Nous terminons le chapitre (chapitre 12, Michna 6) avec le sujet de l'impureté qui s'applique à ceux qui participent à la combustion du taureau et du bouc qui sont brûlés. La question fondamentale ici est la suivante : à partir de quand une personne est-elle considérée comme participant à la combustion ? Dans la Michna elle-même, la chose n'est pas expliquée explicitement, et par conséquent nous allons d'abord présenter les deux approches.
Les deux approches sur la question de ce qui constitue une participation :
L'avis du Tanna Kamma : Dès que la personne sort de la Azara (le parvis du Temple) en portant l'une des carcasses, elle devient impure. À partir de là, quiconque participe à la combustion d'une manière ou d'une autre - jusqu'au moment où la carcasse devient totalement en cendres et qu'il n'en reste rien - devient impur. Le fondement de cela se trouve dans l'exégèse des versets.

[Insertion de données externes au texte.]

(* Let $d\ge 1$ and $k'$ be integers with $k'>2d+3$. Consider an average-based EQ AHG or an average-based AL AHG over $n$ players with $n\ge k'(d+1)$, whose network of friends $G$ contains a (possibly pinched) $(d,k')$-dome gadget on a player set $P$, such that no player of $P$ other than its top player $p^\star$ has a friend outside $P$. Let $\Gamma$ be a coalition structure with $P\in\Gamma$. If a coalition $C$ blocks $\Gamma$, then $C$ contains no player of the base clique of the gadget.
   Context: An AHG is given by a finite player set $N$, $n=|N|$, and a simple undirected graph $G=(N,\mathcal{E})$ (network of friends). For $i\in N$, $F_i$ is the set of neighbors (friends) of $i$ and $E_i=N\setminus(F_i\cup\{i\})$ its enemies. For a coalition $C\ni i$, $\mathrm{val}_i(C)=n|F_i\cap C|-|E_i\cap C|$. Let $\mathrm{avg}_{F_i}(C)=\sum_{c\in C\cap F_i}\mathrm{val}_c(C)/|C\cap F_i|$ (taken to be $0$ if $C\cap F_i=\emptyset$) and $\mathrm{avg}_{F_i\cup\{i\}}(C)=\sum_{c\in (C\cap F_i)\cup\{i\}}\mathrm{val}_c(C)/|(C\cap F_i)\cup\{i\}|$. With a fixed constant $w\ge n^4$, the average-based EQ utility is $\mathrm{util}_i^{\text{avg-EQ}}(C)=\mathrm{avg}_{F_i\cup\{i\}}(C)$ and the average-based AL utility is $\mathrm{util}_i^{\text{avg-AL}}(C)=\mathrm{val}_i(C)+w\cdot\mathrm{avg}_{F_i}(C)$. A coalition structure is a partition $\Gamma$ of $N$; $\Gamma(i)$ is the coalition containing $i$. A nonempty coalition $C$ blocks $\Gamma$ if every $i\in C$ has strictly larger utility from $C$ than from $\Gamma(i)$. A $(d,k')$-dome gadget (for integers $d\ge1$, $k'>2d+1$) on player set $P$ with $|P|=k'$ consists of a top player $p^\star$, $d$ mid players $p_1,\dots,p_d$, and the remaining $k'-d-1$ players forming the base clique $K$; $d$ distinct players $p'_1,\dots,p'_d\in K$ are called fringe players. The friendships among players of $P$ are exactly: $p^\star$ with each $p_j$, $p_j$ with $p'_j$ for each $j$, and every pair of players in $K$. A pinched $(d,k')$-dome gadget is obtained from a $(d,k')$-dome gadget by identifying all $d$ mid players into a single mid player $q$; so its friendships within $P$ are exactly $p^\star$ with $q$, $q$ with each $p'_j$, and every pair within the base clique $K$ (of size $k'-d-1$). ''$G$ contains the gadget on $P$'' means $G[P]$ is exactly this gadget. *)

From mathcomp Require Import all_boot all_order all_algebra.
Set Implicit Arguments. Unset Strict Implicit. Unset Printing Implicit Defensive.
Import Order.TTheory GRing.Theory Num.Theory.
Local Open Scope ring_scope.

L'avis de Rabbi Chimon : Il n'est pas d'accord et interprète les versets d'une autre manière, et considère qu'une personne ne devient impure que pendant une fenêtre de temps très restreinte de participation effective à la combustion. Cette fenêtre ne commence qu'à partir du moment où le feu a pris sur la majorité de la carcasse, et se termine lorsque la carcasse devient noire et carbonisée et perd son aspect de viande, même si elle n'est pas totalement en cendres.
Le texte de la Michna :
Tout d'abord, l'avis du Tanna Kamma est rapporté au sujet des personnes qui portent les carcasses sur des perches : imaginez-vous une sorte de civière sur laquelle est posée la carcasse, avec de chaque côté deux perches portées par quatre personnes aux quatre extrémités des perches. Si les deux porteurs à l'avant sont déjà sortis de l'enceinte de la Azara, et que les deux derniers sont encore à l'intérieur de l'enceinte - les deux premiers sont impurs et leurs vêtements deviennent impurs, tandis que ceux qui ne sont pas encore sortis de la Azara, bien qu'ils portent la carcasse, ne deviennent impurs que lorsqu'ils seront eux aussi sortis de l'enceinte de la Azara. Dès que les quatre sont sortis, ils deviennent tous impurs en raison du port du taureau ou du bouc à brûler.
Tous les commentateurs se penchent sur la question de savoir ce que cette phrase vient ajouter, car la chose a déjà été dite en pratique dans la règle précédente. Il est possible que la question soit meilleure que la réponse. Parmi les réponses proposées, la principale est la suivante : si les porteurs retournent à l'intérieur de la Azara, ou s'il s'avère finalement que l'animal est disqualifié, ou autre cas similaire - cela ne change rien, et leur impureté reste en place.
L'avis de Rabbi Chimon :
Rabbi Chimon dit : Les porteurs ne sont pas du tout impurs. Les personnes impures sont uniquement celles qui aident à la combustion des carcasses, et ce seulement à partir du moment où le feu a pris sur la majorité de la carcasse - les participants à la combustion à ce stade sont certainement impurs. Et à partir du moment où "nitach habasar" - c'est-à-dire que la chair devient totalement carbonisée à l'extérieur au point de ne plus ressembler à de la chair, "ein hasoref metame begadav" - celui qui brûle ne rend plus ses vêtements impurs, et le participant à sa combustion à partir de là ne devient plus impur, puisqu'il a déjà été brûlé.
Le fondement de son avis réside dans une approche minimaliste du verset "vehasoref otam yechabes begadav" - c'est-à-dire que celui qui les brûle est celui qui doit laver ses vêtements, car il est devenu impur. "Celui qui brûle" - précisément ceux qui brûlent et non ceux qui portent ; "les" - tant qu'ils conservent leur forme, par opposition à un état où ils ont perdu leur forme.
En résumé : Les Sages s'opposent également sur ce dernier point et disent : Même après que la carcasse a été carbonisée et est devenue noire, tant qu'elle n'est pas totalement devenue cendre, celui qui participe à sa combustion à partir de là devient lui aussi impur. Et la Halakha ne suit pas l'avis de Rabbi Chimon, mais l'impureté s'applique pendant toute la période - depuis le moment où l'on sort la carcasse en dehors des murailles jusqu'à ce que la dernière partie devienne totalement en cendres.